→ **WHAT YOU WILL DO**: Your answer should consist of the lines below that hold the word "scalerA".

→ **INFORMATION**:
(* Let $p\leq q$ be positive integers, $n=p+q$, and let $M$ be an $n\times n$ complex matrix. Then $M$ satisfies $M=M^*$ and $M^*I_{p,q}M=I_{p,q}$ if and only if there exist an integer $k$ with $0\leq k\leq q$, vectors $z_1^+,\dots,z_k^+\in\mathbb{C}^p$ that are pairwise orthogonal (some of them possibly zero), and vectors $z_1^-,\dots,z_k^-\in\mathbb{C}^q$ that are pairwise orthogonal (some of them possibly zero), such that for every $j$ \[ \|z_j^+\|^2+\|z_j^-\|^2=1,\qquad \|z_j^+\|^2\neq\|z_j^-\|^2, \] and such that either $M$ or $-M$ equals \[ \sum_{j=1}^k\lambda_j z_jz_j^*-I_{p,q},\qquad\text{where } z_j=\begin{pmatrix}z_j^+\\ z_j^-\end{pmatrix}\in\mathbb{C}^n,\quad \lambda_j=\frac{2}{\|z_j^+\|^2-\|z_j^-\|^2}. \]
   Context: $I_{p,q}=\mathrm{diag}\{I_p,-I_q\}$, where $I_p$ is the $p\times p$ identity matrix; $M^*$ and $z^*$ denote conjugate transposes; $\|\cdot\|$ and orthogonality refer to the standard Euclidean (Hermitian) inner product $\langle u,v\rangle=u^*v$. Throughout the paper it is assumed that $p\leq q$. *)

(* Complex numbers: an arbitrary numClosedFieldType C
   (e.g. algC, or R[i] for a real closed field R); conjugation is conjC. *)
From HB Require Import structures.
From mathcomp Require Import all_boot all_order all_algebra.
From mathcomp Require Export sesquilinear spectral.
Set Implicit Arguments. Unset Strict Implicit. Unset Printing Implicit Defensive.
Import Order.TTheory GRing.Theory Num.Theory.
Local Open Scope ring_scope.
Local Open Scope sesquilinear_scope.

Definition Ipq (C : numClosedFieldType) (p q : nat) : 'M[C]_(p + q) :=
  block_mx 1%:M 0 0 (- 1%:M).

Definition adj (C : numClosedFieldType) (m n : nat) (M : 'M[C]_(m, n)) : 'M[C]_(n, m) :=
  M ^t*.

Definition hdot (C : numClosedFieldType) (n : nat) (u v : 'cV[C]_n) : C :=
  (adj u *m v) 0 0.

Definition nrm2 (C : numClosedFieldType) (n : nat) (u : 'cV[C]_n) : C := hdot u u.

(* Put J := I_{p,q}, so that J^2 = 1.  A Hermitian M satisfies M J M = J iff
   P := M + J satisfies P J P = 2 P.  Write the Hermitian P spectrally as
   sum_j e_j u_j u_j^* with orthonormal u_j and nonzero e_j; then P J P = 2 P
   says exactly that the u_j are also J-orthogonal with e_j <u_j, J u_j> = 2.
   Splitting u_j = (z_j^+, z_j^-), orthonormality and J-orthogonality together
   make the z_j^+ and the z_j^- orthogonal, and give e_j = lambda_j.  There are
   rank (M + J) terms, and (M + J) J (J - M) = 0 gives
   rank (M + J) + rank (J - M) <= p + q <= 2 q, so after replacing M by -M if
   necessary there are at most q of them. *)

From mathcomp Require Import all_boot all_algebra zify.
Import GRing.Theory Num.Theory.
Local Open Scope ring_scope.
Set Implicit Arguments. Unset Strict Implicit. Unset Printing Implicit Defensive.

Section IndefiniteForms.
Variable C : numClosedFieldType.

Lemma adjK m n (A : 'M[C]_(m, n)) : adj (adj A) = A.
Proof. exact: trmxCK. Qed.

Lemma adjM m n r (A : 'M[C]_(m, n)) (B : 'M[C]_(n, r)) :
  adj (A *m B) = adj B *m adj A.
Proof. by rewrite /adj trmx_mul map_mxM. Qed.

Lemma adjD m n (A B : 'M[C]_(m, n)) : adj (A + B) = adj A + adj B.
Proof. by rewrite /adj linearD map_mxD. Qed.

Lemma adjN m n (A : 'M[C]_(m, n)) : adj (- A) = - adj A.
Proof. by rewrite /adj linearN map_mxN. Qed.

Lemma adjZ m n c (A : 'M[C]_(m, n)) : adj (c *: A) = c^* *: adj A.
Proof. by rewrite /adj linearZ /= map_mxZ. Qed.

Lemma adj_sum m n k (F : 'I_k -> 'M[C]_(m, n)) :
  adj (\sum_(j < k) F j) = \sum_(j < k) adj (F j).
Proof. by apply: (big_morph _ (@adjD m n)); rewrite /adj linear0 map_mx0. Qed.

Lemma adj_col_mx m1 m2 n (A : 'M[C]_(m1, n)) (B : 'M[C]_(m2, n)) :
  adj (col_mx A B) = row_mx (adj A) (adj B).
Proof. by rewrite /adj tr_col_mx map_row_mx. Qed.

Lemma hdotC n (u v : 'cV[C]_n) : (hdot u v)^* = hdot v u.
Proof. by rewrite /hdot -[in RHS](adjK (adj v *m u)) adjM adjK !mxE. Qed.

Lemma mx11_hdot n (u v : 'cV[C]_n) : adj u *m v = (hdot u v)%:M.
Proof. exact: mx11_scalar. Qed.

Definition jdot n (J : 'M[C]_n) (u v : 'cV[C]_n) := (adj u *m J *m v) 0 0.

Lemma mx11_jdot n (J : 'M[C]_n) (u v : 'cV[C]_n) : adj u *m J *m v = (jdot J u v)%:M.
Proof. exact: mx11_scalar. Qed.

Lemma hdot_col_mx p q (a c : 'cV[C]_p) (b d : 'cV[C]_q) :
  hdot (col_mx a b) (col_mx c d) = hdot a c + hdot b d.
Proof. by rewrite /hdot adj_col_mx mul_row_col [LHS]mxE. Qed.

Lemma adj_Ipq p q : adj (Ipq C p q) = Ipq C p q.
Proof.
by rewrite /adj /Ipq tr_block_mx map_block_mx !trmx0 !map_mx0 linearN /=
  map_mxN !trmx1 map_mx1 (map_mx1 Num.conj_op).
Qed.

Lemma Ipq_mulmx_Ipq p q : Ipq C p q *m Ipq C p q = 1%:M.
Proof.
rewrite /Ipq mulmx_block !mulmx0 !mul0mx !mulmx1 !addr0 !add0r mulNmx mul1mx.
by rewrite opprK -scalar_mx_block.
Qed.

Lemma jdot_col_mx p q (a c : 'cV[C]_p) (b d : 'cV[C]_q) :
  jdot (Ipq C p q) (col_mx a b) (col_mx c d) = hdot a c - hdot b d.
Proof.
rewrite /jdot /Ipq -mulmxA mul_block_col !mul0mx mul1mx addr0 add0r mulNmx mul1mx.
by rewrite adj_col_mx mul_row_col mulmxN [LHS]mxE [X in _ + X]mxE.
Qed.

Section Involution.
Variables (n : nat) (J : 'M[C]_n).
Hypothesis JJ : J *m J = 1%:M.

Lemma sandwich_addJ (N : 'M[C]_n) :
  (N + J) *m J *m (N + J) = 2 *: (N + J) <-> N *m J *m N = J.
Proof.
have -> : (N + J) *m J *m (N + J) = N *m J *m N + (2 *: N + J).
  rewrite !mulmxDl !mulmxDr JJ !mul1mx -[N *m J *m J]mulmxA JJ mulmx1.
  by rewrite scaler_nat mulr2n !addrA.
have -> : 2 *: (N + J) = J + (2 *: N + J).
  by rewrite scalerDr [2 *: J]scaler_nat mulr2n addrCA.
by split=> [/addIr | ->].
Qed.

Lemma rank_addJ_oppJ (N : 'M[C]_n) :
  N *m J *m N = J -> (\rank (N + J)%R + \rank (- N + J)%R <= n)%N.
Proof.
move=> NJN; have Jfree : row_free J by rewrite row_free_unit; case: (mulmx1_unit JJ).
have prod0 : (N + J) *m J *m (- N + J) = 0.
  rewrite mulmxDr mulmxN !mulmxDl NJN JJ !mul1mx -mulmxA JJ mulmx1.
  by rewrite [N + J]addrC addNr.
have := mxrank_mul_min ((N + J) *m J) (- N + J).
by rewrite prod0 mxrank0 mxrankMfree // leqn0 subn_eq0.
Qed.

Lemma sandwichN (N : 'M[C]_n) : (- N) *m J *m (- N) = N *m J *m N.
Proof. by rewrite mulNmx !mulmxN mulNmx opprK. Qed.

End Involution.

Lemma outer_sandwich n (J : 'M[C]_n) (a b : C) (x y : 'cV[C]_n) :
  (a *: (x *m adj x)) *m J *m (b *: (y *m adj y)) = (a * b * jdot J x y) *: (x *m adj y).
Proof.
rewrite -!scalemxAl -scalemxAr scalerA.
have -> : x *m adj x *m J *m (y *m adj y) = x *m (adj x *m J *m y) *m adj y.
  by rewrite !mulmxA.
by rewrite mx11_jdot mul_mx_scalar -scalemxAl scalerA.
Qed.

Definition rank1_sum n k (e : 'I_k -> C) (u : 'I_k -> 'cV[C]_n) : 'M[C]_n :=
  \sum_(j < k) e j *: (u j *m adj (u j)).

Section RankOneSums.
Variables (n k : nat) (e : 'I_k -> C) (u : 'I_k -> 'cV[C]_n).

Lemma adj_rank1_sum : adj (rank1_sum e u) = rank1_sum (fun j => (e j)^*) u.
Proof. by rewrite adj_sum; apply: eq_bigr => j _; rewrite adjZ adjM adjK. Qed.

Lemma rank1_sum_sandwich (J : 'M[C]_n) :
    (forall i j, i != j -> jdot J (u i) (u j) = 0) ->
    (forall j, e j * jdot J (u j) (u j) = 2) ->
  rank1_sum e u *m J *m rank1_sum e u = 2 *: rank1_sum e u.
Proof.
move=> Jorth Jnorm; rewrite !mulmx_suml scaler_sumr; apply: eq_bigr => i _.
rewrite mulmx_sumr (bigD1 i) //= big1 => [|j ji].
  by rewrite outer_sandwich -mulrA Jnorm mulrC scalerA addr0.
by rewrite outer_sandwich Jorth 1?eq_sym // mulr0 scale0r.
Qed.

Hypothesis u_orthonormal : forall i j, hdot (u i) (u j) = (i == j)%:R.

Lemma rank1_sum_mulmx j : rank1_sum e u *m u j = e j *: u j.
Proof.
rewrite mulmx_suml (bigD1 j) //= big1 => [|i ij].
  by rewrite -scalemxAl -mulmxA mx11_hdot u_orthonormal eqxx mul_mx_scalar scale1r addr0.
by rewrite -scalemxAl -mulmxA mx11_hdot u_orthonormal (negbTE ij) mul_mx_scalar
  !scale0r scaler0.
Qed.

Lemma mulmx_rank1_sum i : adj (u i) *m rank1_sum e u = e i *: adj (u i).
Proof.
rewrite mulmx_sumr (bigD1 i) //= big1 => [|j ji].
  by rewrite -scalemxAr mulmxA mx11_hdot u_orthonormal eqxx mul_scalar_mx scale1r addr0.
by rewrite -scalemxAr mulmxA mx11_hdot u_orthonormal eq_sym (negbTE ji) mul_scalar_mx
  !scale0r scaler0.
Qed.

Hypothesis e_neq0 : forall j, e j != 0.

Lemma rank1_sum_sandwich_jdot (J : 'M[C]_n) :
    rank1_sum e u *m J *m rank1_sum e u = 2 *: rank1_sum e u ->
  forall i j, e j * jdot J (u i) (u j) = (i == j)%:R * 2.
Proof.
move=> PJP i j; apply: (mulfI (e_neq0 i)).
have lhs : adj (u i) *m (rank1_sum e u *m J *m rank1_sum e u) *m u j =
    (e i * e j * jdot J (u i) (u j))%:M.
  rewrite !mulmxA mulmx_rank1_sum -!scalemxAl -mulmxA rank1_sum_mulmx -scalemxAr.
  by rewrite mx11_jdot scalerA scale_scalar_mx.
have rhs : adj (u i) *m (2 *: rank1_sum e u) *m u j = (2 * e i * (i == j)%:R)%:M.
  rewrite -scalemxAr mulmx_rank1_sum -!scalemxAl mx11_hdot u_orthonormal.
  by rewrite !scale_scalar_mx mulrA.
have := congr1 (fun X => adj (u i) *m X *m u j) PJP; rewrite lhs rhs => /matrixP/(_ 0 0).
by rewrite !mxE eqxx !mulr1n mulrA => ->; rewrite [_ * 2]mulrC mulrAC; exact: mulrC.
Qed.

Lemma rank1_sum_rank : (k <= \rank (rank1_sum e u))%N.
Proof.
pose U : 'M[C]_(k, n) := \matrix_(j < k) adj (u j).
have rowU i : row i U = adj (u i) by rewrite rowK.
have UU : U *m adj U = 1%:M.
  apply/matrixP => i j; rewrite [RHS]mxE -u_orthonormal /hdot !mxE.
  by apply: eq_bigr => c _; rewrite !mxE conjCK.
have UP : U *m rank1_sum e u *m adj U = diag_mx (\row_j e j).
  apply/row_matrixP => i; rewrite !row_mul rowU mulmx_rank1_sum -scalemxAl.
  by rewrite -rowU -row_mul UU row1 row_diag_mx mxE.
have e_unit : diag_mx (\row_j e j) \in unitmx.
  by rewrite unitmxE det_diag unitfE; apply/prodf_neq0 => j _; rewrite mxE.
rewrite -[X in (X <= _)%N](mxrank_unit e_unit) -UP.
exact: leq_trans (mxrankM_maxl _ _) (mxrankM_maxr _ _).
Qed.

End RankOneSums.

Lemma mulmx_adj_diag m n (U : 'M[C]_(m, n)) (d : 'rV[C]_m) :
  adj U *m diag_mx d *m U = rank1_sum (fun j => d 0 j) (fun j => adj (row j U)).
Proof.
apply/matrixP => a b; rewrite mul_mx_diag summxE !mxE; apply: eq_bigr => j _.
by rewrite !mxE big_ord1 !mxE conjCK mulrCA mulrA.
Qed.

Lemma hdot_adj_row m n (U : 'M[C]_(m, n)) i j :
  hdot (adj (row i U)) (adj (row j U)) = (U *m adj U) i j.
Proof. by rewrite /hdot adjK !mxE; apply: eq_bigr => c _; rewrite !mxE. Qed.

Lemma hermitian_rank1_sum n (A : 'M[C]_n) : adj A = A ->
  exists k (e : 'I_k -> C) (u : 'I_k -> 'cV[C]_n),
    [/\ (k <= \rank A)%N, forall i j, hdot (u i) (u j) = (i == j)%:R,
        forall j, e j != 0 & A = rank1_sum e u].
Proof.
move=> A_herm.
have /hermitian_normalmx/orthomx_spectralP : A \is hermsymmx.
  by apply/is_hermitianmxP; rewrite expr0 scale1r; exact: esym A_herm.
rewrite invmx_unitary ?spectral_unitarymx // mulmx_adj_diag.
have /unitarymxP PP := spectral_unitarymx A.
set P := spectralmx A in PP *; set d := spectral_diag A => A_eq.
pose S := [set i | d 0 i != 0].
pose e (j : 'I_#|S|) := d 0 (enum_val j).
pose u (j : 'I_#|S|) := adj (row (enum_val j) P).
have u_orth i j : hdot (u i) (u j) = (i == j)%:R.
  by rewrite hdot_adj_row PP mxE (inj_eq enum_val_inj).
have e_neq0 j : e j != 0 by have := enum_valP j; rewrite inE.
have A_sum : A = rank1_sum e u.
  rewrite A_eq /rank1_sum (bigID (mem S)) /= [X in _ + X]big1 ?addr0.
    by rewrite big_enum_val.
  by move=> i; rewrite inE negbK => /eqP ->; rewrite scale0r.
by exists #|S|, e, u; split; rewrite // {1}A_sum; apply: rank1_sum_rank.
Qed.

Lemma add_sub_eq0 (a b : C) : a + b = 0 -> a - b = 0 -> a = 0 /\ b = 0.
Proof.
move=> /eqP; rewrite addr_eq0 => /eqP ->.
by rewrite -opprD -mulr2n => /eqP; rewrite oppr_eq0 mulrn_eq0 /= => /eqP ->; rewrite oppr0.
Qed.

Lemma Ipq_sandwich_decomposition p q (P : 'M[C]_(p + q)) :
    adj P = P -> P *m Ipq C p q *m P = 2 *: P ->
  exists k (zp : 'I_k -> 'cV[C]_p) (zm : 'I_k -> 'cV[C]_q),
    [/\ (k <= \rank P)%N,
        (forall i j, i != j -> hdot (zp i) (zp j) = 0 /\ hdot (zm i) (zm j) = 0),
        (forall j, nrm2 (zp j) + nrm2 (zm j) = 1),
        (forall j, nrm2 (zp j) != nrm2 (zm j)) &
        P = rank1_sum (fun j => 2 / (nrm2 (zp j) - nrm2 (zm j)))
                      (fun j => col_mx (zp j) (zm j))].
Proof.
move=> P_herm; have [k [e [u [rk u_orth e_neq0 P_eq]]]] := hermitian_rank1_sum P_herm.
rewrite {1 2 3}P_eq => PJP; have Je := rank1_sum_sandwich_jdot u_orth e_neq0 PJP.
pose zp j := usubmx (u j); pose zm j := dsubmx (u j).
have hdotE i j : hdot (zp i) (zp j) + hdot (zm i) (zm j) = (i == j)%:R.
  by rewrite -hdot_col_mx !vsubmxK.
have jdotE i j : hdot (zp i) (zp j) - hdot (zm i) (zm j) = jdot (Ipq C p q) (u i) (u j).
  by rewrite -jdot_col_mx !vsubmxK.
have jdot_neq0 j : jdot (Ipq C p q) (u j) (u j) != 0.
  by apply/eqP => J0; have /eqP := Je j j; rewrite J0 mulr0 eqxx mul1r eq_sym pnatr_eq0.
exists k, zp, zm; split => // [i j ij | j | j |].
- apply: add_sub_eq0; first by rewrite hdotE (negbTE ij).
  by rewrite jdotE; apply: (mulfI (e_neq0 j)); rewrite Je (negbTE ij) mul0r mulr0.
- by rewrite hdotE eqxx.
- by rewrite -subr_eq0 jdotE.
rewrite P_eq /rank1_sum; apply: eq_bigr => j _.
have := Je j j; rewrite eqxx mul1r => <-.
by rewrite /zp /zm vsubmxK /nrm2 jdotE mulfK.
Qed.

Lemma rank1_sum_subIpq_isometry p q k (zp : 'I_k -> 'cV[C]_p) (zm : 'I_k -> 'cV[C]_q) :
    (forall i j, i != j -> hdot (zp i) (zp j) = 0 /\ hdot (zm i) (zm j) = 0) ->
    (forall j, nrm2 (zp j) != nrm2 (zm j)) ->
  let N := rank1_sum (fun j => 2 / (nrm2 (zp j) - nrm2 (zm j)))
                     (fun j => col_mx (zp j) (zm j)) - Ipq C p q in
  adj N = N /\ N *m Ipq C p q *m N = Ipq C p q.
Proof.
move=> z_orth z_neq N; set P := rank1_sum _ _ in N *.
have P_herm : adj P = P.
  rewrite adj_rank1_sum /P /rank1_sum; apply: eq_bigr => j _; congr (_ *: _).
  by rewrite fmorph_div rmorphB /= rmorph_nat /nrm2 !hdotC.
have PJP : P *m Ipq C p q *m P = 2 *: P.
  apply: rank1_sum_sandwich => [i j ij | j]; rewrite jdot_col_mx.
    by have [-> ->] := z_orth i j ij; rewrite subrr.
  by rewrite divfK // subr_eq0.
split; first by rewrite /N adjD adjN P_herm adj_Ipq.
by apply/(sandwich_addJ (Ipq_mulmx_Ipq p q)); rewrite subrK.
Qed.

End IndefiniteForms.

Theorem lemma3p4 (C : numClosedFieldType) (p q : nat) (hp : (0 < p)%N) (hpq : (p <= q)%N)
    (M : 'M[C]_(p + q)) :
  (M = adj M /\ adj M *m Ipq C p q *m M = Ipq C p q) <->
  exists (k : nat) (zp : 'I_k -> 'cV[C]_p) (zm : 'I_k -> 'cV[C]_q),
    [/\ (k <= q)%N,
        (forall i j : 'I_k, i != j ->
           hdot (zp i) (zp j) = 0 /\ hdot (zm i) (zm j) = 0),
        (forall j : 'I_k, nrm2 (zp j) + nrm2 (zm j) = 1),
        (forall j : 'I_k, nrm2 (zp j) != nrm2 (zm j)) &
        (let S := \sum_(j < k)
               ((2 / (nrm2 (zp j) - nrm2 (zm j))) *:
                  (col_mx (zp j) (zm j) *m adj (col_mx (zp j) (zm j))))
               - Ipq C p q in
         M = S \/ - M = S)].
Proof.
have JJ := Ipq_mulmx_Ipq C p q; set J := Ipq C p q in JJ *.
split=> [[M_herm MJM] | [k [zp [zm [_ z_orth _ z_neq S_eq]]]]]; last first.
  have [N_herm NJN] := rank1_sum_subIpq_isometry z_orth z_neq.
  case: S_eq => [-> | M_eq]; first by rewrite N_herm.
  by rewrite -[M]opprK M_eq adjN N_herm sandwichN.
have {}MJM : M *m J *m M = J by rewrite {1}M_herm.
have [N [N_herm NJN rkN MN]] : exists N, [/\ adj N = N, N *m J *m N = J,
    (\rank (N + J)%R <= q)%N & M = N \/ - M = N].
  have := rank_addJ_oppJ JJ MJM.
  case: (leqP (\rank (M + J)%R) q) => rkM rk_sum.
    by exists M; split; [rewrite -M_herm | | | left].
  have rk_oppM : (\rank (- M + J)%R <= q)%N by lia.
  by exists (- M); split; rewrite ?adjN -?M_herm ?sandwichN //; right.
have [|k [zp [zm [rk z_orth z_norm z_neq P_eq]]]] :=
  @Ipq_sandwich_decomposition C p q (N + J) _ ((sandwich_addJ JJ N).2 NJN).
  by rewrite adjD N_herm adj_Ipq.
exists k, zp, zm; split => //; first exact: leq_trans rk rkN.
by move: MN; rewrite -(addrK J N) P_eq.
Qed.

→ **RESULT OF THIS EXERCISE**:
rewrite -!scalemxAl -scalemxAr scalerA.
by rewrite mx11_jdot mul_mx_scalar -scalemxAl scalerA.
  by rewrite outer_sandwich -mulrA Jnorm mulrC scalerA addr0.
  by rewrite mx11_jdot scalerA scale_scalar_mx.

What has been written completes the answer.